Calculating Daily Calories

Its important to know how to calculate your calories if you want to create a real body transformation. There’s a lot of misinformation floating around on the web that complicates the process, but truth be told its much easier than most people realize. Here’s what I’ll be explaining.

The first thing you need to know is that calories are a measure of thermogenic (heat) energy. Every action your body engages in results in the use of this energy. This includes everything from exercising, food digestion, organ function, and even sleeping.

The amount of calories specified in a food is really a measure of how much thermogenic energy it would take to completely burn through that food. Your body burns through what you eat as you use energy. When your body runs out of food to burn for fuel, it will tap into stored body fat primarily and burn that in order to meet your energy needs.

Any food that doesn’t get burned for energy is stored in the body for use at a later time.

This is the caloric intake level that serves as your baseline where you’re not in a deficit, or a surplus. Think of it as a map marker that shows your currently location.

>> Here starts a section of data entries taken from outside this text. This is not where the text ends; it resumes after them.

(* Let Assumptions (A1) and (A2) below hold, let $T>0$, and let $M:=\inf_{x\in X\setminus\mathcal{N}}\ell^{\star}(x)$, where $\mathcal{N}$ and $\gamma$ are as in (A2). Then for each $C\in\mathbb{R}_{>0}$ such that $\mathcal{N}\cap X\subseteq V_T^{-1}[0,C]$, the inequality \[ V_T(x)\le \beta\,\ell^{\star}(x)\qquad\forall\,x\in V_T^{-1}[0,C] \] holds with $\beta:=\max\{C/M,\gamma\}$. (A1): there exist class-$\mathcal{K}_\infty$ functions $\underline{\eta},\overline{\eta}$ with $\underline{\eta}(|x-\bar x|)\le \ell^{\star}(x)\le\overline{\eta}(|x-\bar x|)$ for all $x\in X$. (A2): there exist $\gamma\in\mathbb{R}_{>0}$ and a neighbourhood $\mathcal{N}$ of $\bar x$ such that $V_\infty(x)\le\gamma\,\ell^{\star}(x)$ for all $x\in\mathcal{N}\cap X$.
   Context: Consider the control system $\dot x(t)=f(x(t),u(t))$, $x(0)=x_0$, with $f:\mathbb{R}^n\times\mathbb{R}^m\to\mathbb{R}^n$ continuous and locally Lipschitz in its first argument on $\mathbb{R}^n\setminus\{0\}$; for $u\in L^\infty_{\mathrm{loc}}(\mathbb{R}_{\ge0},\mathbb{R}^m)$ the unique (maximal) solution is denoted $x(t;x_0,u)$. A set $\mathcal{E}\subseteq\mathbb{R}^n\times\mathbb{R}^m$ defines the constraints $(x(t),u(t))\in\mathcal{E}$. Let $U(x):=\{u\in\mathbb{R}^m:(x,u)\in\mathcal{E}\}$ and $X:=\{x: U(x)\neq\emptyset\}$ (the projection of $\mathcal{E}$ onto $\mathbb{R}^n$). For $x_0\in X$ and $T>0$, $\mathcal{U}_T(x_0)$ is the set of $u\in L^\infty_{\mathrm{loc}}(\mathbb{R}_{\ge0},\mathbb{R}^m)$ such that the solution exists and satisfies $(x(t;x_0,u),u(t))\in\mathcal{E}$ on $[0,T]$; $\mathcal{U}_\infty(x_0)$ is defined analogously for all $t\ge0$. The stage cost $\ell:\mathbb{R}^n\times\mathbb{R}^m\to\mathbb{R}_{\ge0}$ is continuous; $J_T(x_0,u):=\int_0^T\ell(x(s;x_0,u),u(s))\,\mathrm{d}s$, $V_T(x_0):=\inf_{u\in\mathcal{U}_T(x_0)}J_T(x_0,u)$ (with $V_T(x_0)=+\infty$ if $\mathcal{U}_T(x_0)=\emptyset$), and $V_\infty$ is defined analogously with the infinite-horizon cost over $\mathcal{U}_\infty(x_0)$. $V_T^{-1}[0,C]:=\{x\in X: V_T(x)\le C\}$. $\ell^{\star}(x):=\inf_{u\in U(x)}\ell(x,u)$. The point $\bar x\in X$ is a controlled equilibrium: there is $\bar u\in U(\bar x)$ with $f(\bar x,\bar u)=0$. *)

From HB Require Import structures.
From mathcomp Require Import all_boot all_order all_algebra.
From mathcomp Require Import all_classical all_reals all_analysis.
Set Implicit Arguments. Unset Strict Implicit. Unset Printing Implicit Defensive.
Import Order.TTheory GRing.Theory Num.Theory.
Import numFieldNormedType.Exports.
Local Open Scope classical_set_scope.
Local Open Scope ring_scope.

Section ControlDefs.
Context {R : realType} {n m : nat}.
Local Notation leb := (@lebesgue_measure R).

Definition enorm {k : nat} (x : 'rV[R]_k) : R := Num.sqrt (\sum_i x ord0 i ^+ 2).

Definition classKinf (eta : R -> R) : Prop :=
  [/\ eta 0 = 0,
      {within (`[0, +oo[%classic : set R), continuous eta},
      (forall a b, 0 <= a -> a < b -> eta a < eta b) &
      (forall B, exists r, 0 <= r /\ B < eta r)].

(* u in L^infty_loc(R_{>=0}, R^m) (values for t<0 are irrelevant) *)
Definition Linf_loc (u : R -> 'rV[R]_m) : Prop :=
  (forall j, measurable_fun (`[0, +oo[%classic : set R) (fun t => u t ord0 j)) /\
  (forall T, 0 < T -> exists B : R,
     {ae leb, forall t, (`[0, T]%classic : set R) t -> enorm (u t) <= B}).

Definition horizon (Tmax : \bar R) : set R := [set t | 0 <= t /\ (t%:E <= Tmax)%E].

Definition is_solution (f : 'rV[R]_n -> 'rV[R]_m -> 'rV[R]_n)
    (x0 : 'rV[R]_n) (u : R -> 'rV[R]_m) (x : R -> 'rV[R]_n) (Tmax : \bar R) : Prop :=
  x 0 = x0 /\
  forall t, horizon Tmax t -> forall i,
    leb.-integrable (`[0, t]%classic : set R) (fun s => (f (x s) (u s) ord0 i)%:E) /\
    x t ord0 i = x0 ord0 i + \int[leb]_(s in (`[0, t]%classic : set R)) f (x s) (u s) ord0 i.

Definition unique_solutions (f : 'rV[R]_n -> 'rV[R]_m -> 'rV[R]_n) : Prop :=
  forall x0 u, Linf_loc u -> forall x y Tmax,
    is_solution f x0 u x Tmax -> is_solution f x0 u y Tmax ->
    forall t, horizon Tmax t -> x t = y t.

Definition loc_lipschitz_x (f : 'rV[R]_n -> 'rV[R]_m -> 'rV[R]_n) : Prop :=
  forall z : 'rV[R]_n, z != 0 -> forall B : R, exists r : R, exists L : R,
    0 < r /\ forall x y v, enorm (x - z) < r -> enorm (y - z) < r -> enorm v <= B ->
      enorm (f x v - f y v) <= L * enorm (x - y).

Variables (f : 'rV[R]_n -> 'rV[R]_m -> 'rV[R]_n) (E : set ('rV[R]_n * 'rV[R]_m))
          (ell : 'rV[R]_n -> 'rV[R]_m -> R).

Definition Uset (x : 'rV[R]_n) : set 'rV[R]_m := [set u | E (x, u)].
Definition Xset : set 'rV[R]_n := [set x | exists u, E (x, u)].

(* value function V_T (Tmax = T%:E) or V_infty (Tmax = +oo); inf over empty = +oo *)
Definition Vfun (Tmax : \bar R) (x0 : 'rV[R]_n) : \bar R :=
  ereal_inf [set J | exists u x, [/\ Linf_loc u, is_solution f x0 u x Tmax,
      (forall t, horizon Tmax t -> E (x t, u t)) &
      J = (\int[leb]_(s in horizon Tmax) (ell (x s) (u s))%:E)%E]].

Definition ellstar (x : 'rV[R]_n) : \bar R :=
  ereal_inf [set (ell x u)%:E | u in Uset x].

Definition sublevel (T C : R) : set 'rV[R]_n :=
  [set x | Xset x /\ (Vfun T%:E x <= C%:E)%E].

End ControlDefs.

(* beta := max{C/M, gamma}, with the convention C/(+oo) = 0 *)
Definition beta {R : realType} (C : R) (M : \bar R) (gamma : R) : R :=
  match M with
  | EFin r => Num.max (C / r) gamma
  | _ => gamma
  end.

From HB Require Import structures.
From mathcomp Require Import all_boot all_order all_algebra.
From mathcomp Require Import all_classical all_reals all_analysis.
Import Order.TTheory GRing.Theory Num.Theory.
Import numFieldNormedType.Exports.
Set Implicit Arguments. Unset Strict Implicit. Unset Printing Implicit Defensive.
Local Open Scope classical_set_scope.
Local Open Scope ring_scope.

(* Near [xbar], (A2) and [V_T <= V_oo] give [V_T <= gamma ell*]. Away from the
   neighbourhood N, (A1) keeps [ell*] above [M >= eta1 d > 0], where [d] is the
   radius of a ball around [xbar] inside N; there [V_T <= C = (C/M) M <= (C/M) ell*].
   Only the lower bound in (A1) and the nonnegativity of [ell] are needed. *)

(* Unlike [ge0_subset_integral], no measurability is assumed: the running costs
   along the trajectories in [Vfun] are not known to be measurable. *)
Lemma ge0_subset_integral_le d (T : measurableType d) (R : realType)
    (mu : measure T R) (A B : set T) (g : T -> \bar R) :
  A `<=` B -> (forall x, B x -> (0 <= g x)%E) ->
  (\int[mu]_(x in A) g x <= \int[mu]_(x in B) g x)%E.
Proof.
move=> AB g0; rewrite !ge0_integralE//; last by move=> x /AB; apply: g0.
apply: ereal_sup_le => _ [h hle <-]; exists h => //= x.
apply: (le_trans (hle x)); rewrite /patch.
case: ifPn => [/[!inE] /AB Bx|_]; first by rewrite ifT ?inE.
by case: ifPn => [/[!inE] /g0 //|_].
Qed.

Section ValueFunction.
Context {R : realType} {n m : nat}.
Variables (f : 'rV[R]_n -> 'rV[R]_m -> 'rV[R]_n) (E : set ('rV[R]_n * 'rV[R]_m))
          (ell : 'rV[R]_n -> 'rV[R]_m -> R).
Hypothesis ell_ge0 : forall x u, 0 <= ell x u.

Lemma horizon_subset (T1 T2 : \bar R) : (T1 <= T2)%E -> horizon T1 `<=` horizon T2.
Proof. by move=> T12 t [t0 tT1]; split => //; apply: le_trans T12. Qed.

Lemma le_Vfun (T1 T2 : \bar R) x :
  (T1 <= T2)%E -> (Vfun f E ell T1 x <= Vfun f E ell T2 x)%E.
Proof.
move=> /horizon_subset T12; apply: le_ereal_inf_tmp => _ [u [y [Lu [y0 sol] adm ->]]].
have le_int := ge0_subset_integral_le lebesgue_measure T12
  (g := fun s => (ell (y s) (u s))%:E).
apply: le_trans _ (le_int _); last by move=> s _; rewrite lee_fin.
apply: ereal_inf_lbound; exists u, y; split => //.
- by split => // t /T12; apply: sol.
- by move=> t /T12; apply: adm.
Qed.

Lemma ellstar_ge0 x : (0 <= ellstar E ell x)%E.
Proof. by apply: le_ereal_inf_tmp => _ [u _ <-]; rewrite lee_fin. Qed.

Lemma ellstar_fin_num x : Xset E x -> ellstar E ell x \is a fin_num.
Proof.
case=> u Eu; rewrite ge0_fin_numE ?ellstar_ge0//.
by apply: le_lt_trans (ltry (ell x u)); apply: ereal_inf_lbound; exists u.
Qed.

End ValueFunction.

Lemma coord_le_enorm (R : realType) k (v : 'rV[R]_k) j : `|v ord0 j| <= enorm v.
Proof.
rewrite /enorm -sqrtr_sqr ler_sqrt; last by rewrite sumr_ge0 // => i _; exact: sqr_ge0.
by rewrite (bigD1 j) //= lerDl; apply: sumr_ge0 => i _; exact: sqr_ge0.
Qed.

Lemma nbhs_enorm_ge (R : realType) k (x : 'rV[R]_k) (N : set 'rV[R]_k) :
  nbhs x N -> exists2 d, 0 < d & forall y, ~ N y -> d <= enorm (y - x).
Proof.
move=> /nbhs_ballP[d d0 dN]; exists d => // y Ny; rewrite leNgt; apply/negP => yd.
apply: Ny; apply: dN; split => // i j; rewrite /ball /= distrC (ord1 i).
by apply: le_lt_trans yd; have := coord_le_enorm (y - x) j; rewrite !mxE.
Qed.

Section ClassKinf.
Context {R : realType} (eta : R -> R).
Hypothesis eta_Kinf : classKinf eta.

Lemma classKinf_le a b : 0 <= a -> a <= b -> eta a <= eta b.
Proof.
case: eta_Kinf => _ _ eta_incr _ a0; rewrite le_eqVlt => /orP[/eqP <-//|ab].
exact/ltW/eta_incr.
Qed.

Lemma classKinf_gt0 a : 0 < a -> 0 < eta a.
Proof. by case: eta_Kinf => eta0 _ eta_incr _ a0; rewrite -eta0 eta_incr. Qed.

End ClassKinf.

Lemma beta_ge_gamma (R : realType) (C : R) (M : \bar R) (gamma : R) :
  gamma <= beta C M gamma.
Proof. by case: M => [r| |] //=; rewrite le_max lexx orbT. Qed.

Lemma le_beta_mul (R : realType) (C r e gamma : R) (M : \bar R) :
  0 <= C -> 0 < r -> (r%:E <= M)%E -> (M <= e%:E)%E -> C <= beta C M gamma * e.
Proof.
case: M => [s| |] //= C0 r0; rewrite !lee_fin => rs se.
have s0 : 0 < s by apply: lt_le_trans rs.
apply: (@le_trans _ _ (C / s * e)); last first.
  by apply: ler_wpM2r; [exact: le_trans (ltW s0) se | rewrite le_max lexx].
by rewrite -{1}(divfK (lt0r_neq0 s0) C) ler_wpM2l // divr_ge0 // ltW.
Qed.

Theorem proposition1 (R : realType) (n m : nat)
  (f : 'rV[R]_n -> 'rV[R]_m -> 'rV[R]_n) (E : set ('rV[R]_n * 'rV[R]_m))
  (ell : 'rV[R]_n -> 'rV[R]_m -> R) (xbar : 'rV[R]_n) :
  continuous (fun p : 'rV[R]_n * 'rV[R]_m => f p.1 p.2) ->
  loc_lipschitz_x f ->
  unique_solutions f ->
  continuous (fun p : 'rV[R]_n * 'rV[R]_m => ell p.1 p.2) ->
  (forall x u, 0 <= ell x u) ->
  (exists2 ubar, E (xbar, ubar) & f xbar ubar = 0) ->
  (* (A1) *)
  (exists eta1 eta2 : R -> R, [/\ classKinf eta1, classKinf eta2 &
     forall x, Xset E x ->
       ((eta1 (enorm (x - xbar)))%:E <= ellstar E ell x)%E /\
       (ellstar E ell x <= (eta2 (enorm (x - xbar)))%:E)%E]) ->
  (* (A2) *)
  forall (gamma : R) (N : set 'rV[R]_n), 0 < gamma -> nbhs xbar N ->
  (forall x, N x -> Xset E x -> (Vfun f E ell +oo x <= gamma%:E * ellstar E ell x)%E) ->
  forall T : R, 0 < T ->
  let M := ereal_inf [set ellstar E ell x | x in Xset E `\` N] in
  forall C : R, 0 < C ->
  N `&` Xset E `<=` sublevel f E ell T C ->
  forall x, sublevel f E ell T C x ->
    (Vfun f E ell T%:E x <= (beta C M gamma)%:E * ellstar E ell x)%E.
Proof.
move=> _ _ _ _ ell0 _ [eta1 [eta2 [eta1K _ A1]]] gamma N _ xbarN A2 T _ M C C0 _
  x [Xx VTx].
have [Nx|Nx] := pselect (N x).
  apply: le_trans (le_Vfun f E ell0 x (leey T%:E)) _.
  apply: le_trans (A2 x Nx Xx) _.
  by apply: lee_wpmul2r; [exact: ellstar_ge0 | rewrite lee_fin beta_ge_gamma].
have [d d0 far] := nbhs_enorm_ge xbarN.
have eta1d_le_M : ((eta1 d)%:E <= M)%E.
  apply: le_ereal_inf_tmp => _ [y [Xy Ny] <-]; apply: le_trans (proj1 (A1 y Xy)).
  by rewrite lee_fin classKinf_le ?far// ltW.
have M_le_ellstar : (M <= ellstar E ell x)%E by apply: ereal_inf_lbound; exists x.
have ellstar_x_fin := ellstar_fin_num ell0 Xx.
apply: (le_trans VTx); rewrite -(fineK ellstar_x_fin) -EFinM lee_fin.
apply: (le_beta_mul gamma (ltW C0) (classKinf_gt0 eta1K d0) eta1d_le_M).
by rewrite fineK.
Qed.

Knowing this number requires you to know your basal metabolic rate (BMR), which is the amount of calories you burn without any physical activity. Another way to think of this is the amount of caloric burn it takes to sustain basic bodily function.

This number can be determined by pluging your age, height, and weight into a BMR calculator.

*Consistently eating below your BMR for too long can produce some pretty negative effects on your hormonal stability and metabolism, so I generally advise against it.

  • A workout that lasts 45-60 minutes can burn 300-400 calories
  • An hour of walking can burn 200-300 calories.
  • Non exercise activity can result in an additional caloric burn of around 200 calories.

If your BMR is 1500 and you were to workout for an hour, walk for an hour along with all the non exercise activity, you’d reach a total burn of 2200-2400 calories for the day.

This is where you eat less than what you burn. Eating in a deficit over a period of weeks is mainly how you’d reach your fat loss goal.

1 pound of fat is equal to 3500 calories. Maintaining a deficit of 500 calories over a 7 day period would result in a total of 3500 calories burned from fat, reducing your body fat by 1 pound.

A steeper calorie deficit can speed up the fat loss process, but maintaining a calorie deficit that is too steep for too long can backfire, causing increased fat retention by slowing down your metabolism, and destabilizing your hormonal function.

The best thing to do is be patient with the process and prioritize health and sustainability.

This is where you eat more than what you burn. The purpose of doing is to create an abundance of energy in reserve in order facilitate high training performance and recovery.

Muscle building is very energy intensive not only because the training is challenging, but also because your body uses more energy in the process of building new muscle tissue.

Not only do you need more food for this process, but you also need more rest. Not getting enough rest while being in a calorie surplus can cause muscle loss and fat gain, so you need both. Going to bed between 8-10pm and waking between 5-7am is an ideal sleep schedule.

Your calorie surplus only needs about 10%, or about 150-200 calories extra per day. This surplus is high enough to build muscle, but not high enough to cause any significant increase in body fat.

If you gain a pound of fat in a week, you’re surplus is too high.

Muscle building takes a much longer time than fat loss, so if your goal is to gain muscle mass, the ideal amount of time to commit to this goal is 10-12 months at a time.

Males can expect to gain 1-1.5lbs of muscle per month.

Females can expect to gain 0.5-1lb of muscle per month.

A great tool for tracking your daily caloric burn and sleep quality is by wearing a smart watch like a fitbit. I personally wear a fitbit because it provides all kinds of data.

  • How many calories I burn daily/weekly.
  • How many hours of light, deep, and REM sleep I get each night.
  • Resting heartrate, peak heartrate, etc.

It’s an ideal tool for anyone who’s serious about their fitness goals.

 

For diet tracking, my top recommendations are 2 mobile apps.

  1. My Fitness Pal
  2. Cronometer

My Fitness Pal is free to use and very simple. All you need to do is download it onto your device of choice and create an account. With tracking your food, you can type in the name of the food you’re logging, or you can scan the barcode on the packaging. Then just add the quantity and you’re done.

You can calculate your daily caloric requirement through the app as well with the goal setting option. Just plug in your age, height, weight, and activity level. It’ll give you your numbers based on your body mass index (BMI).

Cronometer works practically the same way, but there’s a bit of a trade off. The grocery database is not as large as the one My Fitness Pal uses, but it gives you a full breakdown of all vitamins, minerals, amino acids, and omega fatty acid quantities of each food you log. This is great for anyone who wants those kinds of details. Cronometer costs a small one time fee to use which around 2 or 3 dollars.